Since the Reformation we have grown familiar with the notion that it is by grace that we are saved, through faith. We see something of this in the conversion of Nineveh and God’s ‘repentance’. But perhaps what has been weakest about our repetition of the Reformation slogan is that it has caused us to distinguish too sharply between the grace which saves and the works which are then hard to fit coherently into the schema.

This can lead us to say that we are saved ‘for’ good works – in order now to do what God requires – but Jonah’s story presses us to something deeper. Jonah becomes what he is when he does what God commands. It is a ‘given’ that Jonah belongs to God – that he is chosen or ‘saved’. Yet Jonah is also still becoming God’s chosen, and becomes the chosen when he becomes God’s own means for the salvation of others. In the call of God Jonah hears what he is in eternity; in his action Jonah becomes in time what he has been called: God’s body in the world.

That ought to sound familiar. It is the being-becoming dynamic of Jesus’ own baptism and temptation. It is the gift and call of all who gather around the Lord’s Table: receive what you are, become what you receive.
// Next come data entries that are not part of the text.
(* Let $p,q$ be positive integers, $e\in\mathbb{R}^p$ the vector of all ones, and let $(z,w)\in\mathbb{R}^p\times\mathbb{R}^q$ satisfy $z^+\not\ge\|w\|e$ and $\langle z^-,e\rangle<\|w\|$. Assume further that $0<\alpha<1$ and $\langle e,|z|\rangle<\alpha(1+\alpha)^{-1}\|w\|$. For $\lambda\ge0$ let $N(\lambda):=\operatorname{diag}\big(-\operatorname{sgn}([(\lambda+1)z-\|w\|e]^-)\big)$, and given $\lambda_0>0$ define $\{\lambda_k\}$ by $N_k:=N(\lambda_k)$ and $$\big[-\|w\|+\langle e,N_kz\rangle\big]\lambda_{k+1}=-\langle e,N_k[z-\|w\|e]\rangle,\qquad k=0,1,\ldots.$$ Then for any $\lambda_0>0$ the sequence $\{\lambda_k\}$ is well defined and converges linearly to the unique solution $\lambda_*$ of $\lambda\|w\|=\langle e,[(\lambda+1)z-\|w\|e]^-\rangle$, namely $$|\lambda_*-\lambda_{k+1}|\le\alpha|\lambda_*-\lambda_k|,\qquad k=0,1,\ldots.$$
   Context: For $\alpha\in\mathbb{R}$, $\alpha^+:=\max(\alpha,0)$ and $\alpha^-:=\max(-\alpha,0)$; for vectors, $z^+$, $z^-$, $|z|$ and $\operatorname{sgn}(z)$ are taken componentwise (with $\operatorname{sgn}(0)=0$), and $\operatorname{diag}(z)$ is the diagonal matrix with diagonal $z_1,\dots,z_p$. The order $\ge$ is componentwise; $z^+\not\ge\|w\|e$ means that $z^+\ge\|w\|e$ fails. *)

(* Vectors of R^p are column vectors 'cV[R]_p over a
   real closed field R (the reals are an instance). *)
From HB Require Import structures.
From mathcomp Require Import all_boot all_order all_algebra.
Set Implicit Arguments. Unset Strict Implicit. Unset Printing Implicit Defensive.
Import Order.TTheory GRing.Theory Num.Theory.
Local Open Scope ring_scope.

Section Defs.
Variable R : rcfType.

Definition posp (a : R) : R := Num.max a 0.
Definition negp (a : R) : R := Num.max (- a) 0.

Definition vpos n (z : 'cV[R]_n) : 'cV[R]_n := map_mx posp z.
Definition vneg n (z : 'cV[R]_n) : 'cV[R]_n := map_mx negp z.
Definition vabs n (z : 'cV[R]_n) : 'cV[R]_n := map_mx (fun a => `|a|) z.
Definition vsgn n (z : 'cV[R]_n) : 'cV[R]_n := map_mx (fun a => Num.sg a) z.

Definition onesv n : 'cV[R]_n := const_mx 1.

Definition diagv n (z : 'cV[R]_n) : 'M[R]_n := diag_mx z^T.

Definition dotv n (u v : 'cV[R]_n) : R := \sum_i u i 0 * v i 0.
Definition enorm n (w : 'cV[R]_n) : R := Num.sqrt (dotv w w).

Definition Nmat p q (z : 'cV[R]_p) (w : 'cV[R]_q) (l : R) : 'M[R]_p :=
  diagv (- vsgn (vneg ((l + 1) *: z - enorm w *: onesv p))).

Definition lam_den p q (z : 'cV[R]_p) (w : 'cV[R]_q) (l : R) : R :=
  - enorm w + dotv (onesv p) (Nmat z w l *m z).

Definition lam_rhs p q (z : 'cV[R]_p) (w : 'cV[R]_q) (l : R) : R :=
  - dotv (onesv p) (Nmat z w l *m (z - enorm w *: onesv p)).

Fixpoint lam_seq p q (z : 'cV[R]_p) (w : 'cV[R]_q) (l0 : R) (k : nat) : R :=
  match k with
  | 0 => l0
  | k'.+1 => let l := lam_seq z w l0 k' in lam_rhs z w l / lam_den z w l
  end.

End Defs.

Arguments onesv {R} n.

(* Write a_i(l) = ||w|| - (l + 1) z_i, so that the equation for lambda_* reads
   l ||w|| = phi(l) := sum_i a_i(l)^+.  Freezing the active set
   S = {i | a_i(l) > 0} gives the affine model l ||w|| = sum_(i in S) a_i(l),
   and lambda_(k+1) is the root of the model frozen at lambda_k.  Freezing the
   active set at l instead of at m changes the model at m by at most
   ||z||_1 |m - l|, while the slope ||w|| + sum_(i in S) z_i of every model is
   at least ||w|| - ||z||_1 >= ||z||_1 / alpha.  Hence the iteration map T
   moves every point alpha-closer to any root, and |T(T l) - T l| <=
   alpha |T l - l|.  As T takes finitely many values (one per active set), a
   value minimizing |T x - x| over its range is a fixed point, i.e. a root. *)
From HB Require Import structures.
From mathcomp Require Import all_boot all_order all_algebra.
From mathcomp Require Import ring lra.
Import Order.TTheory GRing.Theory Num.Theory.
Local Open Scope ring_scope.
Set Implicit Arguments. Unset Strict Implicit.

Lemma le_mull_lt1_eq0 (R : realDomainType) (a x : R) :
  a < 1 -> 0 <= x -> x <= a * x -> x = 0.
Proof. by move=> a_lt1 x_ge0 x_le; apply/eqP; rewrite eq_le x_ge0 andbT; nra. Qed.

Lemma finite_range_fixpoint (R : realDomainType) (I : finType)
    (f : I -> R) (g : R -> I) (a : R) :
  a < 1 -> (forall x, `|f (g (f (g x))) - f (g x)| <= a * `|f (g x) - x|) ->
  exists x, f (g x) = x.
Proof.
move=> a_lt1 orbit.
pose d i := `|f (g (f i)) - f i|.
have [i0 _ i0_min] := @arg_minP _ R _ (g 0) predT d isT.
exists (f i0); apply/eqP; rewrite -subr_eq0 -normr_eq0; apply/eqP.
apply: (le_mull_lt1_eq0 a_lt1 (normr_ge0 _)).
exact: le_trans (i0_min (g (f i0)) isT) (orbit (f i0)).
Qed.

Section ActiveSet.
Variables (R : rcfType) (p q : nat) (z : 'cV[R]_p) (w : 'cV[R]_q).
Local Notation W := (enorm w).

Definition slack (l : R) (i : 'I_p) : R := W - (l + 1) * z i 0.
Definition phi (l : R) : R := \sum_i Num.max (slack l i) 0.
Definition active (l : R) : {set 'I_p} := [set i | 0 < slack l i].
Definition model (S : {set 'I_p}) (m : R) : R := \sum_(i in S) slack m i.
Definition slope (S : {set 'I_p}) : R := W + \sum_(i in S) z i 0.
Definition model_root (S : {set 'I_p}) : R :=
  (\sum_(i in S) (W - z i 0)) / slope S.
Definition newton_step (l : R) : R := model_root (active l).
Definition l1z : R := \sum_i `|z i 0|.

Lemma l1z_ge0 : 0 <= l1z.
Proof. by apply: sumr_ge0 => i _. Qed.

Lemma opp_shifted_slack l i : - ((l + 1) * z i 0 - W * 1) = slack l i.
Proof. by rewrite /slack; ring. Qed.

Lemma sg_max0 (x : R) : Num.sg (Num.max x 0) = if 0 < x then 1 else 0.
Proof. by case: (ltgtP x 0) => [_|x_gt0|->]; rewrite ?sgr0 ?gtr0_sg. Qed.

Lemma dotv_Nmat l (x : 'cV[R]_p) :
  dotv (onesv p) (Nmat z w l *m x) = - \sum_(i in active l) x i 0.
Proof.
rewrite /dotv /Nmat /diagv mul_diag_mx (big_mkcond (fun i => i \in active l)) -sumrN.
apply: eq_bigr => i _.
rewrite !mxE /negp opp_shifted_slack sg_max0 mul1r in_set.
by case: ifP; rewrite ?mulN1r ?oppr0 ?mul0r.
Qed.

Lemma dotv_vneg l :
  dotv (onesv p) (vneg ((l + 1) *: z - W *: onesv p)) = phi l.
Proof. by apply: eq_bigr => i _; rewrite !mxE /negp mul1r opp_shifted_slack. Qed.

Lemma dotv_vabs : dotv (onesv p) (vabs z) = l1z.
Proof. by apply: eq_bigr => i _; rewrite !mxE mul1r. Qed.

Lemma lam_den_eq l : lam_den z w l = - slope (active l).
Proof. by rewrite /lam_den dotv_Nmat /slope opprD. Qed.

Lemma lam_seqS l0 k : lam_seq z w l0 k.+1 = newton_step (lam_seq z w l0 k).
Proof.
rewrite /= lam_den_eq /lam_rhs dotv_Nmat invrN mulrNN -sumrN.
by congr (_ / _); apply: eq_bigr => i _; rewrite !mxE mulr1 opprB.
Qed.

Lemma slope_ge S : W - l1z <= slope S.
Proof.
rewrite /slope lerD2l lerNl (le_trans (ler_norm _)) //.
rewrite normrN (le_trans (ler_norm_sum _ _ _)) // /l1z.
by rewrite [leRHS](bigID (mem S)) lerDl sumr_ge0.
Qed.

Lemma model_root_subr_mul S m : slope S != 0 ->
  (model_root S - m) * slope S = model S m - m * W.
Proof.
move=> slope_neq0; rewrite mulrBl mulfVK // /model /slope /slack mulrDr.
have -> : \sum_(i in S) (W - (m + 1) * z i 0)
    = \sum_(i in S) (W - z i 0) - m * \sum_(i in S) z i 0.
  by rewrite mulr_sumr -sumrB; apply: eq_bigr => i _; ring.
ring.
Qed.

Lemma model_root_root S : slope S != 0 -> model_root S * W = model S (model_root S).
Proof.
move/(model_root_subr_mul (model_root S)); rewrite subrr mul0r.
by move/esym/eqP; rewrite subr_eq0 => /eqP.
Qed.

Lemma max0_if_dist (x y : R) :
  `|(if 0 < x then y else 0) - Num.max y 0| <= `|x - y|.
Proof.
case: (ltP 0 x) => x0; case: (ltP y 0) => y0; rewrite ?subrr ?normr0 //.
- by rewrite subr0 ltr0_norm // ger0_norm; lra.
- by rewrite sub0r normrN ger0_norm // ler0_norm; lra.
Qed.

Lemma model_active_dist l m : `|model (active l) m - phi m| <= l1z * `|m - l|.
Proof.
rewrite /model /phi (big_mkcond (fun i => i \in active l)) -sumrB /l1z mulr_suml.
apply: le_trans (ler_norm_sum _ _ _) _; apply: ler_sum => i _.
rewrite in_set; apply: le_trans (max0_if_dist (slack l i) _) _.
have -> : slack l i - slack m i = (m - l) * z i 0 by rewrite /slack; ring.
by rewrite normrM mulrC.
Qed.

Lemma model_active l : model (active l) l = phi l.
Proof.
apply/eqP; rewrite -subr_eq0 -normr_le0.
by have := model_active_dist l l; rewrite subrr normr0 mulr0.
Qed.

Section Contraction.
Variable alpha : R.
Hypotheses (alpha_ge0 : 0 <= alpha) (l1z_small : l1z < alpha * (W - l1z)).

Lemma slope_gt0 S : 0 < slope S.
Proof.
apply: lt_le_trans (slope_ge S).
rewrite ltNge; apply/negP => /(mulr_ge0_le0 alpha_ge0).
by rewrite leNgt (le_lt_trans l1z_ge0 l1z_small).
Qed.

(* The slope of every model is at least l1z / alpha. *)
Lemma model_root_dist S m t : 0 <= t ->
  `|model S m - m * W| <= l1z * t -> `|model_root S - m| <= alpha * t.
Proof.
move=> t_ge0 model_le; have slope_pos := slope_gt0 S.
rewrite -(ler_pM2r slope_pos) -{1}(gtr0_norm slope_pos) -normrM.
rewrite model_root_subr_mul ?gt_eqF // (le_trans model_le) // mulrAC.
apply: ler_wpM2r => //; apply: le_trans (ltW l1z_small) _.
exact: ler_wpM2l (slope_ge S).
Qed.

Lemma newton_step_contract mu l : mu * W = phi mu ->
  `|newton_step l - mu| <= alpha * `|l - mu|.
Proof.
move=> root_mu; apply: model_root_dist => //.
by rewrite root_mu (distrC l) model_active_dist.
Qed.

Lemma newton_step_orbit l :
  `|newton_step (newton_step l) - newton_step l| <= alpha * `|newton_step l - l|.
Proof.
apply: model_root_dist => //; rewrite model_active.
have -> : newton_step l * W = model (active l) (newton_step l).
  exact: model_root_root (lt0r_neq0 (slope_gt0 _)).
by rewrite distrC model_active_dist.
Qed.

Lemma fixpoint_root mu : newton_step mu = mu -> mu * W = phi mu.
Proof.
move=> fix_mu; have := model_root_root (lt0r_neq0 (slope_gt0 (active mu))).
by rewrite -/(newton_step mu) fix_mu model_active.
Qed.

Hypothesis alpha_lt1 : alpha < 1.

Lemma exists_root : exists mu, mu * W = phi mu.
Proof.
have [mu fix_mu] := finite_range_fixpoint alpha_lt1 newton_step_orbit.
by exists mu; apply: fixpoint_root.
Qed.

Lemma root_unique mu nu : mu * W = phi mu -> nu * W = phi nu -> nu = mu.
Proof.
move=> root_mu root_nu.
have fix_nu : newton_step nu = nu.
  apply/eqP; rewrite -subr_eq0 -normr_le0.
  by have := newton_step_contract nu root_nu; rewrite subrr normr0 mulr0.
apply/eqP; rewrite -subr_eq0 -normr_eq0; apply/eqP/(le_mull_lt1_eq0 alpha_lt1) => //.
by rewrite -{1}fix_nu newton_step_contract.
Qed.

End Contraction.
End ActiveSet.

Theorem proposition4 (R : rcfType) (p q : nat) (z : 'cV[R]_p) (w : 'cV[R]_q)
  (alpha : R) :
  (0 < p)%N -> (0 < q)%N ->
  ~ (forall i, enorm w <= vpos z i 0) ->
  dotv (vneg z) (onesv p) < enorm w ->
  0 < alpha -> alpha < 1 ->
  dotv (onesv p) (vabs z) < alpha / (1 + alpha) * enorm w ->
  forall l0 : R, 0 < l0 ->
    (* well defined: the coefficient of lambda_{k+1} never vanishes *)
    (forall k, lam_den z w (lam_seq z w l0 k) != 0) /\
    exists lstar : R,
      lstar * enorm w = dotv (onesv p) (vneg ((lstar + 1) *: z - enorm w *: onesv p)) /\
      (forall l : R,
         l * enorm w = dotv (onesv p) (vneg ((l + 1) *: z - enorm w *: onesv p)) ->
         l = lstar) /\
      (forall k, `|lstar - lam_seq z w l0 k.+1| <= alpha * `|lstar - lam_seq z w l0 k|).
Proof.
move=> _ _ _ _ alpha_gt0 alpha_lt1 small l0 _.
have alpha_ge0 := ltW alpha_gt0.
have l1z_small : l1z z < alpha * (enorm w - l1z z).
  by move: small; rewrite dotv_vabs mulrAC ltr_pdivlMr; lra.
have [mu root_mu] := exists_root alpha_ge0 l1z_small alpha_lt1.
split=> [k|].
  by rewrite lam_den_eq oppr_eq0 gt_eqF // (slope_gt0 alpha_ge0 l1z_small).
exists mu; rewrite !dotv_vneg; split=> //; split=> [l root_l|k].
  by apply: (root_unique alpha_ge0 l1z_small alpha_lt1) root_mu _; rewrite -dotv_vneg.
by rewrite lam_seqS !(distrC mu) newton_step_contract.
Qed.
To be saved by faith is not, then, to be insulated from the world of works, from responsibility. It is not to be in any way isolated from those others whom God would also save. We believe that God makes us whole by faith only when we act. Specifically, such faith is only held in acting to make others whole. Our action is the sacrament of God’s grace toward us, and the grace is not there without the sacrament.

For Jonah and Israel; for the church; for Nineveh, Babylon and Rome; for America, China, Russia and Australia; for each person sitting here today or in a café down the street: salvation is becoming in time what we are in eternity – part of the whole and healing life of God.

The challenge in the book of Jonah is not whether such a miraculous thing can happen – is not whether God’s word can turn the sinner’s heart. The challenge is whether we want God to bless those who do not bless us, and are willing to be the means by which this comes about.

When such a willingness is found, truly we are in the presence of a miracle. In this Jesus is preeminent – the blessing for those who curse – of whom Jonah is a shadow.

Let us, then, say yes to God in such a way that the miracle of life-with-God-in each-other might be our very own.